(Information given Opens)

(* Let $\Omega\subset\mathbb{C}^n$ be a Reinhardt domain and let $A$ be a Banach space of holomorphic functions on $\Omega$ such that for each $z\in\Omega$ the evaluation functional $f\mapsto f(z)$ is continuous on $A$. Then for every $m>0$ the series $$\sum_{\alpha\in\mathbb{Z}^n,\ e_\alpha\in A}\frac{e_\alpha}{\|e_\alpha\|_A^m}$$ converges locally normally on $\Omega^{(m)}$.
   Context: $\Omega$ Reinhardt means invariant under $z\mapsto(e^{i\theta_1}z_1,\dots,e^{i\theta_n}z_n)$ for all $\theta\in\mathbb{R}^n$. $e_\alpha(z)=z_1^{\alpha_1}\cdots z_n^{\alpha_n}$. The $m$-th Reinhardt power of $\Omega$ is $\Omega^{(m)}=\{z\in\mathbb{C}^n:(|z_1|^{1/m},\dots,|z_n|^{1/m})\in\Omega\}$. A series of functions $\sum_\alpha h_\alpha$ converges locally normally on a domain $D$ if for every compact $K\subset D$, $\sum_\alpha\sup_K|h_\alpha|<\infty$. *)

From HB Require Import structures.
From mathcomp Require Import all_boot all_order all_algebra.
From mathcomp Require Import all_classical all_reals all_analysis.
From mathcomp Require Export complex.
Set Implicit Arguments. Unset Strict Implicit. Unset Printing Implicit Defensive.
Import Order.TTheory GRing.Theory Num.Theory.
Import numFieldTopology.Exports numFieldNormedType.Exports.
Local Open Scope classical_set_scope.
Local Open Scope ring_scope.
Local Open Scope complex_scope.

Section Defs.
Variable R : realType.
(* C is the complex field R[i], seen (via ^o) with its canonical normed/topological
   structure; C^n is 'rV[C]_n with the (sup-)norm topology. *)
Local Notation C := ((R[i])^o).

Definition emono n (alpha : 'rV[int]_n) (z : 'rV[C]_n) : C :=
  \prod_(j < n) (z ord0 j) ^ (alpha ord0 j).

Definition is_domain n (Omega : set 'rV[C]_n) : Prop :=
  Omega !=set0 /\ open Omega /\ connected Omega.

Definition reinhardt n (Omega : set 'rV[C]_n) : Prop :=
  forall (z : 'rV[C]_n) (theta : 'rV[R]_n), Omega z ->
    Omega (\row_j ((cos (theta ord0 j) +i* sin (theta ord0 j)) * z ord0 j)).

Definition reinhardt_power n (Omega : set 'rV[C]_n) (m : R) : set 'rV[C]_n :=
  [set z : 'rV[C]_n | Omega (\row_j ((powR (complex.Re `|z ord0 j|) (m^-1))%:C))].

(* A (a Banach space over C) is a Banach space of holomorphic functions on
   Omega via iota : A -> (C^n -> C): iota is linear, injective as a map into
   functions on Omega, every iota a is holomorphic (complex-Frechet
   differentiable) on Omega, and point evaluations are continuous. *)
Definition holo_banach n (Omega : set 'rV[C]_n) (A : completeNormedModType C)
  (iota : A -> 'rV[C]_n -> C) : Prop :=
  [/\ (forall a b z, Omega z -> iota (a + b) z = iota a z + iota b z),
      (forall (k : C) a z, Omega z -> iota (k *: a) z = k * iota a z),
      (forall a b, (forall z, Omega z -> iota a z = iota b z) -> a = b),
      (forall a z, Omega z -> differentiable (iota a : 'rV[C]_n -> C) z) &
      (forall z, Omega z -> continuous (fun a => iota a z))].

(Information given Closes)

▶ Assignment:
Your job is to copy all the records exactly.

▶ Task output:
(* Let $\Omega\subset\mathbb{C}^n$ be a Reinhardt domain and let $A$ be a Banach space of holomorphic functions on $\Omega$ such that for each $z\in\Omega$ the evaluation functional $f\mapsto f(z)$ is continuous on $A$. Then for every $m>0$ the series $$\sum_{\alpha\in\mathbb{Z}^n,\ e_\alpha\in A}\frac{e_\alpha}{\|e_\alpha\|_A^m}$$ converges locally normally on $\Omega^{(m)}$.
   Context: $\Omega$ Reinhardt means invariant under $z\mapsto(e^{i\theta_1}z_1,\dots,e^{i\theta_n}z_n)$ for all $\theta\in\mathbb{R}^n$. $e_\alpha(z)=z_1^{\alpha_1}\cdots z_n^{\alpha_n}$. The $m$-th Reinhardt power of $\Omega$ is $\Omega^{(m)}=\{z\in\mathbb{C}^n:(|z_1|^{1/m},\dots,|z_n|^{1/m})\in\Omega\}$. A series of functions $\sum_\alpha h_\alpha$ converges locally normally on a domain $D$ if for every compact $K\subset D$, $\sum_\alpha\sup_K|h_\alpha|<\infty$. *)

From HB Require Import structures.
From mathcomp Require Import all_boot all_order all_algebra.
From mathcomp Require Import all_classical all_reals all_analysis.
From mathcomp Require Export complex.
Set Implicit Arguments. Unset Strict Implicit. Unset Printing Implicit Defensive.
Import Order.TTheory GRing.Theory Num.Theory.
Import numFieldTopology.Exports numFieldNormedType.Exports.
Local Open Scope classical_set_scope.
Local Open Scope ring_scope.
Local Open Scope complex_scope.

Section Defs.
Variable R : realType.
(* C is the complex field R[i], seen (via ^o) with its canonical normed/topological
   structure; C^n is 'rV[C]_n with the (sup-)norm topology. *)
Local Notation C := ((R[i])^o).

Definition emono n (alpha : 'rV[int]_n) (z : 'rV[C]_n) : C :=
  \prod_(j < n) (z ord0 j) ^ (alpha ord0 j).

Definition is_domain n (Omega : set 'rV[C]_n) : Prop :=
  Omega !=set0 /\ open Omega /\ connected Omega.

Definition reinhardt n (Omega : set 'rV[C]_n) : Prop :=
  forall (z : 'rV[C]_n) (theta : 'rV[R]_n), Omega z ->
    Omega (\row_j ((cos (theta ord0 j) +i* sin (theta ord0 j)) * z ord0 j)).

Definition reinhardt_power n (Omega : set 'rV[C]_n) (m : R) : set 'rV[C]_n :=
  [set z : 'rV[C]_n | Omega (\row_j ((powR (complex.Re `|z ord0 j|) (m^-1))%:C))].

(* A (a Banach space over C) is a Banach space of holomorphic functions on
   Omega via iota : A -> (C^n -> C): iota is linear, injective as a map into
   functions on Omega, every iota a is holomorphic (complex-Frechet
   differentiable) on Omega, and point evaluations are continuous. *)
Definition holo_banach n (Omega : set 'rV[C]_n) (A : completeNormedModType C)
  (iota : A -> 'rV[C]_n -> C) : Prop :=
  [/\ (forall a b z, Omega z -> iota (a + b) z = iota a z + iota b z),
      (forall (k : C) a z, Omega z -> iota (k *: a) z = k * iota a z),
      (forall a b, (forall z, Omega z -> iota a z = iota b z) -> a = b),
      (forall a z, Omega z -> differentiable (iota a : 'rV[C]_n -> C) z) &
      (forall z, Omega z -> continuous (fun a => iota a z))].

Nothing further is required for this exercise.